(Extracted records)

Lemma kout_law_coll_var : let m := coll_mean n b (k%:R * n%:R) in
  \sum_M kout_law b M * (coll (indeg M) - m) ^+ 2 =
  coll_sq_mean n b (k%:R * n%:R) - m ^+ 2.
Proof.
have -> : k%:R * n%:R = #|{: 'I_n * 'I_k}|%:R :> R.
  by rewrite card_prod !card_ord natrM mulrC.
rewrite /= -(polya_coll_var _ y0 b_ge0) /= -(sum_kout_graph (fun g =>
  polya_weight b arcs g * (coll (load arcs g) - _) ^+ 2)).
by apply: eq_bigr => M _; rewrite indeg_load.
Qed.

End KoutMaps.

Lemma dTV_kout_law_ge (R : realType) (n k : nat) (a : R) :
  (2 <= n)%N -> (1 <= k)%N -> 1 <= a ->
  1 - 512 * (4 * k%:R ^+ 2 + 24 * k%:R ^+ 3 + 4 * k%:R ^+ 4) * a ^+ 2 / n%:R
  <= dTV (@kout_law R n k a^-1) (@kout_law R n k 0).
Proof.
move=> n2 k1 a1; set C := 4 * _ + _ + _.
have N2 : 2 <= n%:R :> R by rewrite (ler_nat R 2 n).
have K1 : 1 <= k%:R :> R by rewrite (ler_nat R 1 k).
have n_gt0 : (0 < n)%N by apply: leq_trans n2.
set N := n%:R in N2 *; set m := k%:R * N; set b := a^-1.
have b_gt0 : 0 < b by rewrite invr_gt0; lra.
have b01 : 0 <= b <= 1 by rewrite ltW //= invf_le1 //; lra.
have var_le (c : R) : 0 <= c <= 1 ->
    coll_sq_mean n c m - coll_mean n c m ^+ 2 <= C * N.
  move=> c01.
  have -> : C * N = 4 * m ^+ 2 / N + 24 * m ^+ 3 / N ^+ 2 + 4 * m ^+ 4 / N ^+ 3.
    by rewrite /C /m; field; rewrite gt_eqF //; lra.
  by apply: coll_var_le => //; rewrite /m; nra.
have gap : N * b / 8 <= coll_mean n b m - coll_mean n 0 m.
  by apply: coll_mean_gap_ge => //; rewrite /m; nra.
set d := (coll_mean n b m - coll_mean n 0 m) / 2.
have d_ge : N * b / 16 <= d by rewrite /d; lra.
have Nb_gt0 : 0 < N * b / 16 by apply: divr_gt0 => //; apply: mulr_gt0 => //; lra.
have d_gt0 : 0 < d by lra.
have b_ge0 := ltW b_gt0.
apply: le_trans (dTV_ge_mean_gap (fun M => coll (indeg M))
  (mp := coll_mean n b m) (mq := coll_mean n 0 m) (kout_law_ge0 n_gt0 b_ge0)
  (kout_law_ge0 n_gt0 (lexx 0)) (kout_law_sum1 k n_gt0 b_ge0) d_gt0 _); last first.
  by rewrite /d; lra.
rewrite !kout_law_coll_var //= -/m lerD2l lerN2.
have -> : 512 * C * a ^+ 2 / N = 2 * (C * N) / (N * b / 16) ^+ 2.
  by rewrite /b; field; rewrite !gt_eqF //; lra.
apply: le_trans (_ : 2 * (C * N) / d ^+ 2 <= _).
  have := var_le b b01; have := var_le 0; rewrite lexx ler01 => /(_ isT).
  by rewrite ler_pM2r ?invr_gt0 ?exprn_gt0 //; lra.
have C_gt0 : 0 < C by rewrite /C; nra.
rewrite ler_pM2l ?lef_pV2 ?posrE ?exprn_gt0 //; last nra.
by rewrite !expr2 ler_pM //; lra.
Qed.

▶ **Action item**
Every record shown above must be echoed exactly.

▶ **Response below**
Lemma kout_law_coll_var : let m := coll_mean n b (k%:R * n%:R) in
  \sum_M kout_law b M * (coll (indeg M) - m) ^+ 2 =
  coll_sq_mean n b (k%:R * n%:R) - m ^+ 2.
Proof.
have -> : k%:R * n%:R = #|{: 'I_n * 'I_k}|%:R :> R.
  by rewrite card_prod !card_ord natrM mulrC.
rewrite /= -(polya_coll_var _ y0 b_ge0) /= -(sum_kout_graph (fun g =>
  polya_weight b arcs g * (coll (load arcs g) - _) ^+ 2)).
by apply: eq_bigr => M _; rewrite indeg_load.
Qed.

End KoutMaps.

Lemma dTV_kout_law_ge (R : realType) (n k : nat) (a : R) :
  (2 <= n)%N -> (1 <= k)%N -> 1 <= a ->
  1 - 512 * (4 * k%:R ^+ 2 + 24 * k%:R ^+ 3 + 4 * k%:R ^+ 4) * a ^+ 2 / n%:R
  <= dTV (@kout_law R n k a^-1) (@kout_law R n k 0).
Proof.
move=> n2 k1 a1; set C := 4 * _ + _ + _.
have N2 : 2 <= n%:R :> R by rewrite (ler_nat R 2 n).
have K1 : 1 <= k%:R :> R by rewrite (ler_nat R 1 k).
have n_gt0 : (0 < n)%N by apply: leq_trans n2.
set N := n%:R in N2 *; set m := k%:R * N; set b := a^-1.
have b_gt0 : 0 < b by rewrite invr_gt0; lra.
have b01 : 0 <= b <= 1 by rewrite ltW //= invf_le1 //; lra.
have var_le (c : R) : 0 <= c <= 1 ->
    coll_sq_mean n c m - coll_mean n c m ^+ 2 <= C * N.
  move=> c01.
  have -> : C * N = 4 * m ^+ 2 / N + 24 * m ^+ 3 / N ^+ 2 + 4 * m ^+ 4 / N ^+ 3.
    by rewrite /C /m; field; rewrite gt_eqF //; lra.
  by apply: coll_var_le => //; rewrite /m; nra.
have gap : N * b / 8 <= coll_mean n b m - coll_mean n 0 m.
  by apply: coll_mean_gap_ge => //; rewrite /m; nra.
set d := (coll_mean n b m - coll_mean n 0 m) / 2.
have d_ge : N * b / 16 <= d by rewrite /d; lra.
have Nb_gt0 : 0 < N * b / 16 by apply: divr_gt0 => //; apply: mulr_gt0 => //; lra.
have d_gt0 : 0 < d by lra.
have b_ge0 := ltW b_gt0.
apply: le_trans (dTV_ge_mean_gap (fun M => coll (indeg M))
  (mp := coll_mean n b m) (mq := coll_mean n 0 m) (kout_law_ge0 n_gt0 b_ge0)
  (kout_law_ge0 n_gt0 (lexx 0)) (kout_law_sum1 k n_gt0 b_ge0) d_gt0 _); last first.
  by rewrite /d; lra.
rewrite !kout_law_coll_var //= -/m lerD2l lerN2.
have -> : 512 * C * a ^+ 2 / N = 2 * (C * N) / (N * b / 16) ^+ 2.
  by rewrite /b; field; rewrite !gt_eqF //; lra.
apply: le_trans (_ : 2 * (C * N) / d ^+ 2 <= _).
  have := var_le b b01; have := var_le 0; rewrite lexx ler01 => /(_ isT).
  by rewrite ler_pM2r ?invr_gt0 ?exprn_gt0 //; lra.
have C_gt0 : 0 < C by rewrite /C; nra.
rewrite ler_pM2l ?lef_pV2 ?posrE ?exprn_gt0 //; last nra.
by rewrite !expr2 ler_pM //; lra.
Qed.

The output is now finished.